College football’s best QB-WR connection went out in style
Thursday’s bowl games saw fitting endings to the careers of Mason Rudolph, James Washington, Kenny Hill, and (probably) Bryce Love.


It would have been wrong if Mason Rudolph’s final touchdown pass had gone to anyone other than James Washington.
Over the last eight seasons, Oklahoma State has only once ranked outside of the Off. S&P+ top 20. The Pokes’ offense has been one of college football’s surest things, even while they have attempted to stay on the cutting edge of offense.
The blip came in 2014. OSU’s offense fell into a midseason funk, averaging just 10 points per game over the course of a month. With three games left, Mike Gundy tore the redshirt off a freshman named Rudolph. It was a bit of a desperate move.
Rudolph’s first game was a 49-28 loss to Baylor, but the next week he threw for 273 yards and two scores in a Bedlam upset of OU in Norman. After that initial loss, OSU would go 32-9 over the rest of Rudolph’s tenure.
Another freshman by the name of Washington caught eight passes for 172 yards and two scores during Rudolph’s late-2014 audition. He would go for 1,087 yards in 2015, 1,380 in 2016, and 1,423 in 2017. Rudolph-to-Washington was the most consistently awesome deep-ball combination in college football for years.
You can watch every touchdown the duo connected for here. Here’s the last one:
The first 25 minutes or so of the Camping World Bowl played out exactly to Virginia Tech’s specifications. The Hokies’ physical line controlled the proceedings. They held OSU to a field goal and a punt on their first two drives. They drove 76 yards over 4:18 to take an early 7-3 lead, then mauled the Pokes over the course of an 18-play, 82-yard, 10-minute drive.
Unfortunately, the 18th play of that drive was a fumble recovered by OSU’s Ramon Richards. OSU added a field goal then scored a touchdown in the final minute of the half. Virginia Tech was playing the game it wanted, but the Pokes led by six at half.
Rudolph found Washington for a 65-yard score that made it 27-14. After the slow start, Rudolph finished 21-of-32 for 351 yards and two scores; Washington had five catches for 128 yards, and fellow senior Marcell Ateman had five for 107.
OSU probably hoped for a better record than 10-3 in 2017. The banged-up Cowboys dropped a September contest with TCU, couldn’t get past Oklahoma in a Bedlam shootout, and fell behind Kansas State by 29 points before coming up just short. That perhaps cast a pall on what was supposed to be a special finish for this incredible pass-catch combination.

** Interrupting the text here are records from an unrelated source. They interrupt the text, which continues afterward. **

(* Let $R \xrightarrow{\tau} A \xrightarrow{\lambda} C \xrightarrow{g_C} B$ be ring morphisms and put $g := g_C\circ\lambda : A \to B$. Regard $C$ as an $R$-algebra via $\lambda\circ\tau$. Then $A^*_{B,R} \subseteq C^*_{B,R}$, where $A^*_{B,R}$ is the Lipschitz saturation of $A$ in $B$ relative to $R \xrightarrow{\tau} A \xrightarrow{g} B$ and $C^*_{B,R}$ is the Lipschitz saturation of $C$ in $B$ relative to $R \xrightarrow{\lambda\circ\tau} C \xrightarrow{g_C} B$.
   Context: All rings are commutative with identity. For a sequence of ring morphisms $R \to A' \xrightarrow{h} B$, let $\varphi: B\otimes_R B \to B \otimes_{A'} B$ be the canonical $R$-algebra morphism $x\otimes_R y \mapsto x \otimes_{A'} y$, and let $\Delta: B \to B\otimes_R B$, $\Delta(b) = b\otimes_R 1 - 1 \otimes_R b$. The Lipschitz saturation of $A'$ in $B$ relative to $R\to A'\to B$ is $(A')^*_{B,R} := \{x \in B \mid \Delta(x) \in \overline{\ker\varphi}\}$, where for an ideal $I$ of a ring $S$, $\overline{I}$ denotes the integral closure of $I$: the set of $u\in S$ satisfying $u^n + a_1u^{n-1}+\cdots+a_n = 0$ for some $n\ge 1$ and $a_i \in I^i$. *)

(* Commutative rings with identity (zero ring allowed):
   comPzRingType; ring morphisms: {rmorphism _ -> _}. *)
From HB Require Import structures.
From mathcomp Require Import all_boot all_order all_algebra.
Set Implicit Arguments. Unset Strict Implicit. Unset Printing Implicit Defensive.
Import GRing.Theory.
Local Open Scope ring_scope.

(* The tensor product B (x)_{A'} B of an A'-algebra B (structure map
   h : A' -> B), given by its universal property: it is the pushout of
   h along h in the category of commutative rings, i.e. a ring T with
   i1 (b) = b (x) 1 and i2 (b) = 1 (x) b. *)
Record tensor_data (A' B : comPzRingType) (h : {rmorphism A' -> B}) := TensorData {
  td_T :> comPzRingType;
  td_i1 : {rmorphism B -> td_T};
  td_i2 : {rmorphism B -> td_T};
  td_comm : forall a, td_i1 (h a) = td_i2 (h a);
  td_univ : forall (S : comPzRingType) (u1 u2 : {rmorphism B -> S}),
    (forall a, u1 (h a) = u2 (h a)) ->
    exists w : {rmorphism td_T -> S},
      [/\ (forall b, w (td_i1 b) = u1 b), (forall b, w (td_i2 b) = u2 b) &
          forall w' : {rmorphism td_T -> S},
            (forall b, w' (td_i1 b) = u1 b) -> (forall b, w' (td_i2 b) = u2 b) ->
            forall t, w' t = w t]
}.

Fixpoint ideal_pow (S : comPzRingType) (I : S -> Prop) (k : nat) (x : S) : Prop :=
  match k with
  | 0 => True
  | k'.+1 => exists s : seq (S * S),
      (forall p, p \in s -> I p.1 /\ ideal_pow I k' p.2) /\
      x = \sum_(p <- s) p.1 * p.2
  end.

Definition int_closure (S : comPzRingType) (I : S -> Prop) (u : S) : Prop :=
  exists n : nat, (0 < n)%N /\ exists a : nat -> S,
    (forall i, (1 <= i <= n)%N -> ideal_pow I i (a i)) /\
    u ^+ n + \sum_(1 <= i < n.+1) a i * u ^+ (n - i) = 0.

(* Lipschitz saturation of A' in B relative to R -> A' -h-> B, where
   fR : R -> B is the composite structure map, TR = B (x)_R B and
   TA = B (x)_{A'} B.  phi is the canonical map x (x)_R y |-> x (x)_{A'} y
   (i.e. the unique ring morphism with phi o i1 = i1, phi o i2 = i2). *)
Definition lipschitz_saturation (R A' B : comPzRingType)
  (fR : {rmorphism R -> B}) (h : {rmorphism A' -> B})
  (TR : tensor_data fR) (TA : tensor_data h) (x : B) : Prop :=
  forall phi : {rmorphism td_T TR -> td_T TA},
    (forall b, phi (td_i1 TR b) = td_i1 TA b) ->
    (forall b, phi (td_i2 TR b) = td_i2 TA b) ->
    int_closure (fun t => phi t = 0) (td_i1 TR x - td_i2 TR x).

From HB Require Import structures.
From mathcomp Require Import all_boot all_order all_algebra.
Import GRing.Theory.
Local Open Scope ring_scope.

(* Since [g] factors through [C], the canonical map [B (x)_R B -> B (x)_C B]
   factors through [B (x)_A B].  Hence the kernel of [B (x)_R B -> B (x)_A B]
   lies in the kernel of [B (x)_R B -> B (x)_C B], and integral closure of
   ideals is monotone. *)

Lemma ideal_pow_sub (S : comPzRingType) (I J : S -> Prop) :
  (forall t, I t -> J t) -> forall k x, ideal_pow I k x -> ideal_pow J k x.
Proof.
move=> IJ; elim=> [//|k IHk] x /= [s [Hs ->]].
exists s; split=> // p /Hs[Ip1 Ip2]; split; [exact: IJ | exact: IHk].
Qed.

Lemma int_closure_sub (S : comPzRingType) (I J : S -> Prop) :
  (forall t, I t -> J t) -> forall u, int_closure I u -> int_closure J u.
Proof.
move=> IJ u [n [n_gt0 [a [Ia Eu]]]].
exists n; split=> //; exists a; split=> // i /Ia; exact: ideal_pow_sub.
Qed.

Section TensorMorphisms.

Context {A' B : comPzRingType} {h : {rmorphism A' -> B}} (T : tensor_data h).

Lemma td_morph_ext {S : comPzRingType} (w w' : {rmorphism td_T T -> S}) :
  (forall b, w (td_i1 T b) = w' (td_i1 T b)) ->
  (forall b, w (td_i2 T b) = w' (td_i2 T b)) ->
  forall t, w t = w' t.
Proof.
move=> E1 E2 t.
have comm_w a : (w \o td_i1 T)%FUN (h a) = (w \o td_i2 T)%FUN (h a).
  by rewrite /= td_comm.
have [w0 [_ _ uniq_w0]] := td_univ T comm_w.
by rewrite (uniq_w0 w) // (uniq_w0 w') // => b /=; rewrite ?E1 ?E2.
Qed.

Lemma td_lift {A'' : comPzRingType} {h' : {rmorphism A'' -> B}}
    (T' : tensor_data h') :
  (forall a, td_i1 T' (h a) = td_i2 T' (h a)) ->
  exists psi : {rmorphism td_T T -> td_T T'},
    (forall b, psi (td_i1 T b) = td_i1 T' b) /\
    (forall b, psi (td_i2 T b) = td_i2 T' b).
Proof. by move=> /(td_univ T)[psi [E1 E2 _]]; exists psi. Qed.

Lemma td_comm_factor {A0 : comPzRingType} {f : {rmorphism A0 -> B}}
    {k : A0 -> A'} :
  (forall a, f a = h (k a)) -> forall a, td_i1 T (f a) = td_i2 T (f a).
Proof. by move=> Ef a; rewrite Ef td_comm. Qed.

End TensorMorphisms.

Theorem mainTheorem2 (R A C B : comPzRingType)
  (tau : {rmorphism R -> A}) (lambda : {rmorphism A -> C})
  (gC : {rmorphism C -> B}) (g : {rmorphism A -> B})
  (fR : {rmorphism R -> B})
  (hg : forall a, g a = gC (lambda a))
  (hfR : forall r, fR r = g (tau r))
  (TR : tensor_data fR) (TA : tensor_data g) (TC : tensor_data gC) :
  forall x : B, lipschitz_saturation TR TA x -> lipschitz_saturation TR TC x.
Proof.
move=> x satA phi phi1 phi2.
have [phiA [phiA1 phiA2]] := td_lift TR TA (td_comm_factor TA hfR).
have [psi [psi1 psi2]] := td_lift TA TC (td_comm_factor TC hg).
have phi_factor t : phi t = psi (phiA t).
  apply: (td_morph_ext TR phi (psi \o phiA)%FUN) => b /=.
    by rewrite phi1 phiA1 psi1.
  by rewrite phi2 phiA2 psi2.
apply: int_closure_sub (satA phiA phiA1 phiA2) => t kerA_t.
by rewrite phi_factor kerA_t rmorph0.
Qed.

But back-to-back-to-back 10-win seasons in Stillwater? There are certainly worse consolations.
Alamo Bowl: TCU 39, Stanford 37
Stanford did score in the second half. A few times, actually. That right there kills some of the parallels between Thursday night’s Alamo Bowl and the one from two years ago. Still, there are better things than facing a post-halftime TCU in San Antonio.
In 2015’s Alamo Bowl, TCU pulled off one of the greatest comebacks you’ll ever see, spotting Oregon a 31-0 halftime lead before forcing overtime and eventually winning, 47-41. In 2017, the Frogs merely trailed 21-10 at halftime and 31-23 after three quarters. And they merely scored on two massive eruptions early in the fourth quarter to take the lead.
Jalen Reagor’s 93-yard touchdown catch and Desmon White’s 76-yard punt return gave TCU a 36-31 lead, but the responses didn’t end there. Stanford drove 76 yards in 10 plays and five minutes and took the lead back with 6:42 left on JJ Arcega-Whiteside’s muscular 4-yard score. But passes to Reagor and White helped to set up a 33-yard Cole Bunce field goal with 3:07 remaining, and Innis Gaines’ interception sealed the deal.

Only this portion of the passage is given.